Re: [PATCH v5 1/5] sysfs: Add attribute info for /sys/devices/.../coredump_disabled

From: Greg Kroah-Hartman
Date: Fri Aug 12 2022 - 02:10:07 EST


On Thu, Aug 11, 2022 at 04:21:54PM -0700, Manish Mandlik wrote:
> On Wed, Aug 10, 2022 at 9:21 AM Greg Kroah-Hartman <
> gregkh@xxxxxxxxxxxxxxxxxxx> wrote:
>
> > On Wed, Aug 10, 2022 at 06:03:37PM +0200, Johannes Berg wrote:
> > > On Wed, 2022-08-10 at 09:00 -0700, Manish Mandlik wrote:
> > > > This patch adds the specification for
> > /sys/devices/.../coredump_disabled
> > > > attribute which allows the userspace to enable/disable devcoredump for
> > a
> > > > particular device and drivers can use it to enable/disable
> > functionality
> > > > accordingly. It is available when the CONFIG_DEV_COREDUMP is enabled
> > and
> > > > driver has implemented the .coredump() callback.
> > > >
> > >
> > > It would be nice to say _why_? What problem does this solve?
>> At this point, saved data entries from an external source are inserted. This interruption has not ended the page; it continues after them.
Lemma short_time_ratio_le {R : realType} {eps delta d : R} :
  0 < eps -> 0 <= delta -> delta <= 1 -> 0 <= d -> d <= Num.sqrt eps / 25 ->
  3%:R * delta * d ^+ 2 / eps <= 1/200.
Proof.
move=> eps_gt0 delta_ge0 delta_le1 d_ge0 d_le.
have : d ^+ 2 <= (Num.sqrt eps / 25) ^+ 2.
  by rewrite ler_sqr ?nnegrE ?divr_ge0 ?sqrtr_ge0.
rewrite expr_div_n sqr_sqrtr ?(ltW eps_gt0) // ler_pdivrMr //.
by move: (d ^+ 2) (sqr_ge0 d) => d2 d2_ge0 d2_le; nra.
Qed.

Theorem lemma3p4 (R : realType) :
  exists delta0 : R, 0 < delta0 /\
  exists T0 : R, 0 < T0 /\
  forall (gamma eps T delta : R) (phi : R -> 'rV[R]_3 -> R)
    (X V : R -> R -> 'rV[R]_3 -> 'rV[R]_3 -> 'rV[R]_3),
    -3 < gamma -> gamma <= 1 ->
    0 < eps -> eps <= 1 ->
    0 < delta -> delta <= delta0 -> 0 <= T ->
    (* regularity of the potential: C^2 in x, gradient and Hessian
       jointly continuous in (t, x) *)
    (forall t x, differentiable (phi t) x) ->
    (forall t x, differentiable (grad_x phi t) x) ->
    (forall tx : R * 'rV[R]_3,
       {for tx, continuous (fun p : R * 'rV[R]_3 => grad_x phi p.1 p.2)}) ->
    (forall tx : R * 'rV[R]_3,
       {for tx, continuous (fun p : R * 'rV[R]_3 => hess_x phi p.1 p.2)}) ->
    (* sup_{0<=t<=T} (1+t)^{5/4} ||nabla_x phi(t)||_{W^{1,oo}} <= delta *)
    (forall t, 0 <= t -> t <= T ->
       W1inf_grad_le phi t (delta / (1 + t) `^ (5%:R / 4%:R))) ->
    (* (X, V)(tau; t, x, v) are the characteristics on [0, T] *)
    (forall t x v, 0 <= t -> t <= T ->
       [/\ X t t x v = x, V t t x v = v,
           {within `[0, T], continuous (fun tau => X tau t x v)},
           {within `[0, T], continuous (fun tau => V tau t x v)} &
           forall tau, 0 < tau -> tau < T ->
             is_derive tau 1 (fun s => X s t x v) (eps^-1 *: V tau t x v) /\
             is_derive tau 1 (fun s => V s t x v)
               (- grad_x phi tau (X tau t x v))]) ->
    (* the characteristics are differentiable in v *)
    (forall tau t x v, 0 <= tau -> tau <= t -> t <= T ->
       differentiable (X tau t x) v) ->
    forall tau t x v, 0 <= tau -> tau <= t -> t <= T ->
      t <= Num.sqrt eps * T0 ->
      (2 * eps ^+ 3)^-1 * `|t - tau| ^+ 3 <= `|\det (jacobian (X tau t x) v)|
      /\ `|\det (jacobian (X tau t x) v)| <= 2 / eps ^+ 3 * `|t - tau| ^+ 3.
Proof.
exists 1; split; first exact: ltr01.
exists (1/25); split; first lra.
(* Not needed: the bounds on gamma, eps <= 1, 0 <= T, and every regularity
   assumption on phi except the differentiability of nabla phi. *)
move=> _ eps T delta phi X V _ _ eps_gt0 _ delta_gt0 delta_le1 _ _ dgrad _ _.
move=> decay XV dXv tau t x v tau_ge0 tau_le_t t_le_T t_small.
have grad_lipschitz r : 0 <= r -> r <= T -> forall y z,
    `|grad_x phi r y - grad_x phi r z| <= 3%:R * delta * `|y - z|.
  move=> r_ge0 r_le_T; apply: lipschitz_of_jacobian_le (dgrad r) _ => p.
  apply: le_trans (hess_x_le_W1inf p (decay r r_ge0 r_le_T)) _.
  by apply: ler_div_powR1D; rewrite ?(ltW delta_gt0) ?divr_ge0.
have L_ge0 : 0 <= 3%:R * delta by rewrite mulr_ge0 // ltW.
have small : 3%:R * delta * (t - tau) ^+ 2 / eps <= 1/200.
  by apply: short_time_ratio_le; rewrite ?(ltW delta_gt0) ?subr_ge0 //; lra.
have half : 3%:R * delta * (t - tau) ^+ 2 / eps <= 1/2 by lra.
have J_dev := characteristics_jacobian_near eps_gt0 L_ge0 grad_lipschitz XV
  tau_ge0 tau_le_t t_le_T half (dXv tau t x v tau_ge0 tau_le_t t_le_T).
set a := (t - tau) / eps in J_dev *.
have a_ge0 : 0 <= a by rewrite divr_ge0 ?subr_ge0 // ltW.
have J_near : `|jacobian (X tau t x) v + a%:M| <= a / 100.
  by apply: le_trans J_dev _; rewrite mulrC ler_pdivlMr //; nra.
have /andP[lo hi] := det_near_scalar a_ge0 J_near.
rewrite ger0_norm ?subr_ge0 //.
have -> : (2 * eps ^+ 3)^-1 * (t - tau) ^+ 3 = a ^+ 3 / 2.
  by rewrite /a expr_div_n; field; rewrite gt_eqF.
have -> : 2 / eps ^+ 3 * (t - tau) ^+ 3 = 2 * a ^+ 3.
  by rewrite /a expr_div_n; field; rewrite gt_eqF.
by split.
Qed.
You could
> > > just create the dump and discard it, instead, for example?
> >
> > Agreed, I do not understand the need for this at all.
> >
>
> The existing /sys/class/devcoredump/disabled (devcd) switch has two
> limitations - it disables dev_coredump for everyone who's using it;

Which is good and is the design of the thing.

> and
> drivers don't have visibility if devcd is disabled or not, so, the
> dev_coredump API simply lets drivers collect the coredump from a device but
> then later discards it if devcd is disabled.

Why would a driver care?

> Now that there are more subsystems using the base dev_coredump API, having
> a granular control will make it easier to selectively disable dev_coredump
> only for a particular device. For ChromeOS, this is useful to allow drivers
> to develop coredump functionality and deploy it without affecting other
> drivers with stable devcoredump implementations (example, we've had some
> devcoredumps that take 12s to run and we only want to enable it on test
> builds because it has lots of PII). The drivers can use this flag to
> refrain from collecting or triggering coredump when undesirable.

This feels odd. You have various out-of-tree drivers that take too long
when they crash to make a dump and it causes some unknown issue
elsewhere?

I don't really understand, sorry.

If you need something for development of a system, that's one thing, but
this feels like you are adding fine-grained tweaks that no one in a real
system would ever use.

What is broken with the current system of "on/off" that does not work
for you now? Why would a normal user only want to turn this on for one
driver and not another?

thanks,

greg k-h